Deryn earned her Fine Art Degree from Bath Academy of Art and while living in London, worked as a scenic artist for theater and photography studios. She later worked with a team of conservators restoring painted finishes for the National Trust.
Her wild decision to move to Miami was based on the opportunity to paint murals and faux finishes for Versace and other residences of exquisite design. She is collected moreover by Cher, and Madonna.
Deryn’s love for nature and vast wilderness drew her to the Florida aquifer, the source of all well-being for the communities reliant on the Everglades water source.
Her current body of work is largely based on her observations from these thousand island marshlands.
She also tends to her wild garden, which she created as a habitat for birds, fish, and insects who are naturally drawn to it as a sanctuary in our ever-increasingly developed land area.

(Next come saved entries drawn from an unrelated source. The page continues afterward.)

(* Let $G$ be a cyclic group of prime order $p$ generated by $g$, and $I=\ker(\mathbb{Z}_p[G]\to\mathbb{Z}_p)$. Then: $\hat H^*(g,S^*(\mathbb{Z}_p))$ is a polynomial algebra over $\mathbb{F}_p$ on one ordinary generator of degree $1$; $\hat H^*(g,S^*(\mathbb{Z}_p[G]))$ is a polynomial algebra on one ordinary generator of degree $p$; and if $p$ is odd, $\hat H^*(g,S^*(I))$ is the tensor product of a polynomial algebra on one ordinary generator of degree $p$ and an exterior algebra on one super generator of degree $1$.
   Context: $S^*(A)=\bigoplus_n S^n(A)$ is the symmetric algebra over $\mathbb{Z}_p$, graded by $n$. For a graded $G$-algebra $R$, $\hat H^*(g,R)=\hat H^0(g,R)\oplus\hat H^1(g,R)$ (Tate cohomology computed degreewise) is a graded super-commutative $\mathbb{F}_p$-algebra via cup product (identifying $\hat H^2$ with $\hat H^0$ by periodicity of cohomology of cyclic groups); elements of $\hat H^0$ are called ordinary and elements of $\hat H^1$ super. *)

From HB Require Import structures.
From Stdlib Require Import ProofIrrelevance FunctionalExtensionality.
From mathcomp Require Import all_boot all_order all_algebra.
From mathcomp Require Import boolp.
From mathcomp Require Import mpoly.
Set Implicit Arguments. Unset Strict Implicit. Unset Printing Implicit Defensive.
Import Order.TTheory GRing.Theory Num.Theory.
Local Open Scope ring_scope.

(* The ring Z_p of p-adic integers, as the inverse limit of the rings  *)
(* Z/p^(n+1): an element is a compatible sequence (f n)_n of integers  *)
(* with f n = f (n+1) mod p^(n+1) (hence 0 <= f n < p^(n+1)).          *)
(* To always get a nontrivial ring we use the modulus base             *)
(* zq p := p.-2.+2 (= p for every p >= 2, in particular p prime).     *)
Section PAdic.
Variable p : nat.
Definition zq : nat := p.-2.+2.
Local Notation md n := ((zq ^ n.+1)%N%:Z).

Definition zp_compat (f : nat -> int) := forall n, f n = modz (f n.+1) (md n).

Record padic_int := MkZp { zpval :> nat -> int; zpvalP : zp_compat zpval }.

HB.instance Definition _ := gen_eqMixin padic_int.
HB.instance Definition _ := gen_choiceMixin padic_int.

Lemma zp_ext (a b : padic_int) : (forall n, a n = b n) -> a = b.
Proof.
case: a b => [a Ha] [b Hb] /= E.
have eab : a = b by apply: functional_extensionality.
subst b; congr MkZp; apply: proof_irrelevance.
Qed.

Lemma md_gt0 n : (0 < md n)%R.
Proof. by rewrite ltz_nat expn_gt0. Qed.

Lemma md_neq0 n : md n != 0.
Proof. by rewrite eqz_nat expn_eq0. Qed.

Lemma modz_modS (x : int) n : modz (modz x (md n.+1)) (md n) = modz x (md n).
Proof.
apply/eqP; rewrite eqz_mod_dvd.
have -> : modz x (md n.+1) - x = - (divz x (md n.+1) * md n.+1).
  by rewrite /modz addrC addrA addNr add0r.
rewrite rpredN; apply: dvdz_mull.
by change (zq ^ n.+1 %| zq ^ n.+2)%N; exact: dvdn_exp2l.
Qed.

Lemma zp_canon (a : padic_int) n : modz (a n) (md n) = a n.
Proof. by rewrite (zpvalP a n) modz_mod. Qed.

Definition zp_lift (f : nat -> int) (Hf : forall n, modz (f n) (md n) = modz (f n.+1) (md n)) : padic_int.
Proof.
exists (fun n => modz (f n) (md n)) => n; by rewrite modz_modS Hf.
Defined.

Lemma zp_liftE f Hf n : @zp_lift f Hf n = modz (f n) (md n).
Proof. by []. Qed.

Lemma zp_addP (a b : padic_int) n : modz (a n + b n) (md n) = modz (a n.+1 + b n.+1) (md n).
Proof. by rewrite (zpvalP a n) (zpvalP b n) modzDml modzDmr. Qed.
Lemma zp_mulP (a b : padic_int) n : modz (a n * b n) (md n) = modz (a n.+1 * b n.+1) (md n).
Proof. by rewrite (zpvalP a n) (zpvalP b n) modzMml modzMmr. Qed.
Lemma zp_oppP (a : padic_int) n : modz (- a n) (md n) = modz (- a n.+1) (md n).
Proof. by rewrite (zpvalP a n) modzNm. Qed.
Lemma zp_cstP (c : int) n : modz c (md n) = modz c (md n).
Proof. by []. Qed.

Definition zp_add (a b : padic_int) := zp_lift (zp_addP a b).
Definition zp_mul (a b : padic_int) := zp_lift (zp_mulP a b).
Definition zp_opp (a : padic_int) := zp_lift (zp_oppP a).
Definition zp_zero := zp_lift (zp_cstP 0).
Definition zp_one := zp_lift (zp_cstP 1).

Lemma zp_addA : associative zp_add.
Proof. by move=> a b c; apply: zp_ext => n; rewrite !zp_liftE modzDml modzDmr addrA. Qed.
Lemma zp_addC : commutative zp_add.
Proof. by move=> a b; apply: zp_ext => n; rewrite !zp_liftE addrC. Qed.
Lemma zp_add0 : left_id zp_zero zp_add.
Proof. by move=> a; apply: zp_ext => n; rewrite !zp_liftE modzDml add0r zp_canon. Qed.
Lemma zp_addN : left_inverse zp_zero zp_opp zp_add.
Proof. by move=> a; apply: zp_ext => n; rewrite !zp_liftE modzDml addNr. Qed.

HB.instance Definition _ := GRing.isZmodule.Build padic_int zp_addA zp_addC zp_add0 zp_addN.

Lemma zp_mulA : associative zp_mul.
Proof. by move=> a b c; apply: zp_ext => n; rewrite !zp_liftE modzMml modzMmr mulrA. Qed.
Lemma zp_mulC : commutative zp_mul.
Proof. by move=> a b; apply: zp_ext => n; rewrite !zp_liftE mulrC. Qed.
Lemma zp_mul1 : left_id zp_one zp_mul.
Proof. by move=> a; apply: zp_ext => n; rewrite !zp_liftE modzMml mul1r zp_canon. Qed.
Lemma zp_mulD : left_distributive zp_mul (@GRing.add padic_int).
Proof.
move=> a b c; change (zp_mul (zp_add a b) c = zp_add (zp_mul a c) (zp_mul b c)).
apply: zp_ext => n.
by rewrite !zp_liftE modzMml modzDml modzDmr mulrDl.
Qed.
Lemma zp_one_neq0 : zp_one != (0 : padic_int).
Proof.
apply/eqP; change (zp_one <> zp_zero) => /(congr1 (fun a : padic_int => a 0%N)).
rewrite !zp_liftE mod0z modz_small //.
Qed.

HB.instance Definition _ :=
  GRing.Zmodule_isComNzRing.Build padic_int zp_mulA zp_mulC zp_mul1 zp_mulD zp_one_neq0.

Deryn’s works range from exquisite delicate murals of painted spoonbills and wood storks to golden photographs of the nature that surrounds us. She combines her photographic images with metal leaf and as if by alchemy creates a unique imagery that conjures the sun’s interplay over the waters of these 1000 islands.
Deryn lives in Miami with her husband, their two children, and, what she esteems, an unruly dog. Her most recent mural work was commissioned for the Setai.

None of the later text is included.